Generating trials dataset using resampling procedure.

* Number of resampling iterations: 100 (based on bootstrapping stability analysis)
* Number of trials per resampling: N = 40 (based on data in monkey dataset so the number of trials is from experiments)

In [1]:
import csv
import pickle
import numpy as np

# import from scripts
import os
current_wd = os.getcwd()
os.chdir(os.path.abspath("..\\..\\..\\isttc\\scripts"))
#os.chdir(os.path.abspath("C:\\Users\\ipoch\\Documents\\repos\\isttc\\scripts"))
from cfg_global import project_folder_path
from spike_train_utils import get_trials, bin_trials
os.chdir(current_wd)

In [2]:
dataset_folder = project_folder_path + 'results\\synthetic\\dataset\\'

### Get data

In [None]:
with open(dataset_folder + '0_spike_trains_tau100ms_alpha0_3_fr3_5hz_len600sec_1000.pkl','rb') as f:
    data = pickle.load(f)

all_spike_trains = data['spike_trains']
alphas = data['alphas']
fr_values = data['fr_values']
tau_ms = data['tau_ms']
duration_ms = data['duration_ms']

print(f'n spike trains {len(all_spike_trains)}, len {all_spike_trains[0][-1]/1000}, duration_ms {duration_ms}')

In [3]:
with open(dataset_folder + '1_spike_trains_3params_var_len600sec_100000.pkl','rb') as f:
    data_parametric = pickle.load(f)

all_spike_trains_par = data_parametric['spike_trains']
alphas_par = data_parametric['alphas']
fr_values_par = data_parametric['fr_values']
tau_ms_par = data_parametric['tau_ms']
duration_ms_par = data_parametric['duration_ms']

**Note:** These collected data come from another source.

Lemma det_mulmod_le_mx (R : comNzRingType) (y : R) (a b n : nat) : odd n ->
  \det (\matrix_(j < n, k < n) if (b * k.+1 %% n <= a * j.+1 %% n)%N then 1 else y)
  = (jacobi (a * b)%N n)%:~R * (1 - y) ^+ n.-1.
Proof.
move=> odd_n; have n_gt0 : (0 < n)%N by case: n odd_n.
have [/andP[co_an co_bn]|not_co] := boolP (coprime a n && coprime b n); last first.
  rewrite jacobi_eq0 ?coprimeMl // mul0r.
  have [co_an|/(mulmod_collision n_gt0)[j1 [j2 [j12 eq_j]]]] := boolP (coprime a n).
    have /(mulmod_collision n_gt0)[k1 [k2 [k12 eq_k]]] : ~~ coprime b n.
      by move: not_co; rewrite co_an.
    by rewrite -det_tr (determinant_alternate k12) // => j; rewrite !mxE eq_k.
  by rewrite (determinant_alternate j12) // => k; rewrite !mxE eq_j.
have [sa saa] := mulmod_perm_exists n_gt0 co_an.
have [sb sbb] := mulmod_perm_exists n_gt0 co_bn.
have -> : \matrix_(j < n, k < n) (if (b * k.+1 %% n <= a * j.+1 %% n)%N then 1 else y)
    = row_perm (shift_perm n * sa) (col_perm (shift_perm n * sb)
        (\matrix_(i < n, l < n) if (l <= i)%N then 1 else y)).
  apply/matrixP => j k.
  by rewrite !mxE (shift_mulmod_perm_val _ saa) (shift_mulmod_perm_val _ sbb).
rewrite row_permE col_permE !det_mulmx !det_perm det_lower_ones_upper_const.
rewrite odd_permV !odd_permM odd_shift_perm //=.
rewrite (jacobi_mulmod_perm odd_n _ (mulmod_permM saa sbb)) ?coprimeMl ?co_an //.
by rewrite odd_permM signr_addb intrM !intr_sign -mulrA [_ * (-1) ^+ _]mulrC.
Qed.

Lemma floor_div_subE (x y : int) n : (0 < n)%N -> floor_div (x - y) n
  = floor_div x n - floor_div y n - (if (y %% n <= x %% n)%Z then 0 else 1).
Proof.
move=> n_gt0; have n_neq0 : n%:Z != 0 by rewrite eqz_nat -lt0n.
have u_ge0 := modz_ge0 x n_neq0; have w_ge0 := modz_ge0 y n_neq0.
have u_lt := ltz_pmod x (n_gt0 : 0 < n%:Z); have w_lt := ltz_pmod y (n_gt0 : 0 < n%:Z).
rewrite /floor_div {1}(divz_eq x n) {1}(divz_eq y n).
set Q := (x %/ n)%Z; set S := (y %/ n)%Z; set u := (x %% n)%Z; set w := (y %% n)%Z.
case: lerP => [w_le_u|u_lt_w]; last first.
  have -> : Q * n + u - (S * n + w) = (Q - S - 1) * n + (u - w + n) by ring.
  by rewrite divzMDl // divz_small ?addr0 // absz_nat; lia.
have -> : Q * n + u - (S * n + w) = (Q - S) * n + (u - w) by ring.
by rewrite divzMDl // divz_small ?addr0 ?subr0 // absz_nat; lia.
Qed.

Lemma modz_mul_nat (a : int) (m n : nat) : (0 < n)%N ->
  ((a * m%:Z) %% n)%Z = (`|(a %% n)%Z| * m %% n)%N.
Proof.
move=> n_gt0; have n_neq0 : n%:Z != 0 by rewrite eqz_nat -lt0n.
by rewrite -modzMml -[(a %% n)%Z]gez0_abs ?modz_ge0 // -PoszM modz_nat.
Qed.

Lemma sum_ord_odd n : odd n -> (\sum_(j < n) j = n * n./2)%N.
Proof.
move=> odd_n; rewrite -(big_mkord xpredT (fun j => j)) bin2_sum bin2.
by rewrite -{2}(odd_double_half n) odd_n /= -doubleMr doubleK.
Qed.

Lemma sum_floor_div_mul (a : int) n : odd n -> coprime `|(a %% n)%Z|%N n ->
  \sum_(j < n) floor_div (a * j.+1%:Z) n = a * (uphalf n)%:Z - (n./2)%:Z.
Proof.
move=> odd_n co_an; have n_gt0 : (0 < n)%N by case: n odd_n {co_an}.
have n_neq0 : n%:Z != 0 by rewrite eqz_nat -lt0n.
set a' := `|(a %% n)%Z|%N in co_an.
have [s sa] := mulmod_perm_exists n_gt0 co_an.
have sum_residues : (\sum_(j < n) (a' * j.+1 %% n) = \sum_(j < n) j)%N.
  rewrite [RHS](reindex_inj (@perm_inj _ (shift_perm n * s)%g)).
  by apply: eq_bigr => j _; rewrite (shift_mulmod_perm_val _ sa).
have nQ (j : 'I_n) : n%:Z * floor_div (a * j.+1%:Z) n = a * j.+1%:Z - (a' * j.+1 %% n)%N%:Z.
  by rewrite -modz_mul_nat // /floor_div mulrC [X in _ = X - _](divz_eq _ n) addrK.
apply: (mulfI n_neq0); rewrite mulr_sumr (eq_bigr _ (fun j _ => nQ j)).
rewrite sumrB -mulr_sumr -!(big_morph Posz PoszD (erefl 0%:Z)) sum_residues.
rewrite (eq_bigr (fun j : 'I_n => (j + 1)%N)) => [|j _]; last by rewrite addn1.
have uphalfE : uphalf n = (n./2 + 1)%N by rewrite uphalf_half odd_n addnC.
rewrite big_split /= sum_ord_odd // sum1_card card_ord uphalfE !PoszD PoszM; ring.
Qed.

Theorem det_floor_div_pow (F : fieldType) (x : F) (a b : int) n : x != 0 -> odd n ->
  \det (\matrix_(j < n, k < n) x ^ floor_div (a * j.+1%:Z - b * k.+1%:Z) n)
  = (jacobi (a * b) n)%:~R * x ^ ((a - b) * (uphalf n)%:Z) * (1 - x^-1) ^+ n.-1.
Proof.
move=> x_neq0 odd_n; have n_gt0 : (0 < n)%N by case: n odd_n.
set a' := `|(a %% n)%Z|%N; set b' := `|(b %% n)%Z|%N.
pose Q (j : 'I_n) := floor_div (a * j.+1%:Z) n.
pose S (k : 'I_n) := floor_div (b * k.+1%:Z) n.
pose G := \matrix_(j < n, k < n) if (b' * k.+1 %% n <= a' * j.+1 %% n)%N then 1 else x^-1.
have -> : \matrix_(j < n, k < n) x ^ floor_div (a * j.+1%:Z - b * k.+1%:Z) n
    = diag_mx (\row_j x ^ Q j) *m G *m diag_mx (\row_k x ^ (- S k)).
  apply/matrixP => j k; rewrite mul_mx_diag mul_diag_mx !mxE floor_div_subE //.
  rewrite !modz_mul_nat // lez_nat -/a' -/b' -/(Q j) -/(S k).
  by case: leqP => _; rewrite addrAC !expfzDr // ?oppr0 ?expr0z ?mulr1 ?exprN1.
have jacobi_res : jacobi (a * b) n = jacobi (a' * b')%N n.
  apply: jacobi_modz; rewrite PoszM !gez0_abs ?modz_ge0 ?eqz_nat -?lt0n //.
  by rewrite modzMml modzMmr.
rewrite !det_mulmx !det_diag det_mulmod_le_mx // jacobi_res.
have [/andP[co_an co_bn]|not_co] := boolP (coprime a' n && coprime b' n); last first.
  by rewrite jacobi_eq0 ?coprimeMl // !(mulr0, mul0r).
have prod_pow (f : 'I_n -> int) : \prod_(j < n) (\row_j x ^ f j) 0 j = x ^ (\sum_j f j).
  rewrite (big_morph (fun m => x ^ m) (fun m k => expfzDr m k x_neq0) (expr0z x)).
  by apply: eq_bigr => j _; rewrite mxE.
rewrite !prod_pow sumrN (sum_floor_div_mul odd_n co_an) (sum_floor_div_mul odd_n co_bn).
have -> : (a - b) * (uphalf n)%:Z
    = a * (uphalf n)%:Z - (n./2)%:Z + - (b * (uphalf n)%:Z - (n./2)%:Z) by ring.
by rewrite [in RHS]expfzDr //; ring.
Qed.

Theorem det_ceil_div_pow (F : fieldType) (x : F) (a b : int) n : x != 0 -> odd n ->
  \det (\matrix_(j < n, k < n) x ^ ceil_div (b * j.+1%:Z - a * k.+1%:Z) n)
  = (jacobi (a * b) n)%:~R * x ^ ((b - a) * (uphalf n)%:Z) * (1 - x) ^+ n.-1.
Proof.
move=> x_neq0 odd_n.
have -> : \matrix_(j < n, k < n) x ^ ceil_div (b * j.+1%:Z - a * k.+1%:Z) n
    = (\matrix_(j < n, k < n) x^-1 ^ floor_div (a * j.+1%:Z - b * k.+1%:Z) n)^T.
  by apply/matrixP => j k; rewrite !mxE /ceil_div exprz_inv opprB.
by rewrite det_tr det_floor_div_pow ?invr_eq0 // invrK exprz_inv -mulNr opprB.
Qed.

Lemma uphalf_add_pred n : odd n -> (uphalf n + n.-1 = (3 * n).-1 %/ 2)%N.
Proof.
move=> odd_n; rewrite uphalf_half odd_n.
by move: (odd_double_half n); rewrite odd_n -muln2 /= => <-; lia.
Qed.

Theorem corollary1p3 (a : int) (n : nat) (hn : (0 < n)%N) (hodd : odd n) :
  let A1 := \matrix_(j < n, k < n)
      ((-1 : rat) ^ floor_div (a * (j.+1)%:Z - (a + 1) * (k.+1)%:Z) n) in
  let A2 := \matrix_(j < n, k < n)
      ((-1 : rat) ^ ceil_div ((a + 1) * (j.+1)%:Z - a * (k.+1)%:Z) n) in
  let B1 := \matrix_(j < n, k < n)
      ((2 : rat) ^ floor_div (a * (j.+1)%:Z - (a + 1) * (k.+1)%:Z) n) in
  let B2 := \matrix_(j < n, k < n)
      ((2 : rat) ^ ceil_div ((a + 1) * (j.+1)%:Z - a * (k.+1)%:Z) n) in
  let J : rat := (jacobi (a * (a + 1)) n)%:~R in
  [/\ \det A1 = J * (-1) ^+ (n.+1 %/ 2) * 2 ^+ n.-1,
      \det A2 = J * (-1) ^+ (n.+1 %/ 2) * 2 ^+ n.-1,
      \det B1 = J * 2 ^- ((3 * n).-1 %/ 2)
    & \det B2 = J * 2 ^+ (n.+1 %/ 2)].
Proof.
move=> A1 A2 B1 B2 J.
have [m1_neq0 two_neq0] : (-1 : rat) != 0 /\ (2 : rat) != 0 by [].
have floor_exp : a - (a + 1) = -1 by ring.
have ceil_exp : a + 1 - a = 1 by ring.
have even_pred : odd n.-1 = false by move: hodd; rewrite -{1}(prednK hn) => /negbTE.
rewrite divn2; split.
- rewrite det_floor_div_pow // floor_exp mulN1r -exprnN invr_sign.
  by rewrite (@invrN1 rat) opprK.
- by rewrite det_ceil_div_pow // ceil_exp mul1r opprK.
- rewrite det_floor_div_pow // floor_exp mulN1r -exprnN.
  by rewrite (_ : 1 - 2^-1 = 2^-1 :> rat) // exprVn -mulrA -invfM -exprD uphalf_add_pred.
- rewrite det_ceil_div_pow // ceil_exp mul1r (_ : 1 - 2 = -1 :> rat) //.
  by rewrite -signr_odd even_pred mulr1.
Qed.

print(f'n spike trains {len(all_spike_trains_par)}, len {all_spike_trains_par[0][-1]/1000}, duration_ms {duration_ms_par}')

n spike trains 100000, len 598.8243581617338, duration_ms 600000


### Make trials 

#### Same n_trials and same trial len

In [None]:
n_trials = 40  
m_iterations = 100

fs = 1000
bin_size = 50 # in ms
signal_len = int(10 * 60 * fs)
trial_len = int(1000 * (fs / 1000)) # 1000ms trials 

In [None]:
trial_dict = {}
trial_binned_dict = {}

for i in range(len(all_spike_trains)):
    if (i % 100) == 0:
        print(f'Processing unit {i}')
    unit_trial_dict = {}
    unit_trial_binned_dict = {}
    for m in range(m_iterations):
        spikes = np.asarray([int(spike) for spike in all_spike_trains[i]])
        spikes_trials = get_trials(spikes, signal_len, n_trials, trial_len, verbose_=False)
        spikes_trials_binned = bin_trials(spikes_trials, trial_len, int(bin_size*(fs/1000)))
        unit_trial_dict[m] = spikes_trials
        unit_trial_binned_dict[m] = spikes_trials_binned

    trial_dict[i] = unit_trial_dict
    trial_binned_dict[i] = unit_trial_binned_dict

In [None]:
trial_dict_full = {'trial_dict': trial_dict, 
                   'n_trials': np.ones(len(trial_dict)).astype(int)*n_trials, 
                   'trial_lens': np.ones(len(trial_dict)).astype(int)*trial_len}
trial_binned_dict_full = {'trial_dict': trial_binned_dict, 
                   'n_trials': np.ones(len(trial_binned_dict)).astype(int)*n_trials, 
                   'trial_lens': np.ones(len(trial_binned_dict)).astype(int)*trial_len}

with open(dataset_folder + '0_trial_tau100ms_alpha0_3_fr3_5hz_len600sec_1000_dict.pkl', 'wb') as f:
    pickle.dump(trial_dict_full, f)

with open(dataset_folder + '0_trial_binned_tau100ms_alpha0_3_fr3_5hz_len600sec_1000_dict.pkl', 'wb') as f:
    pickle.dump(trial_binned_dict_full, f)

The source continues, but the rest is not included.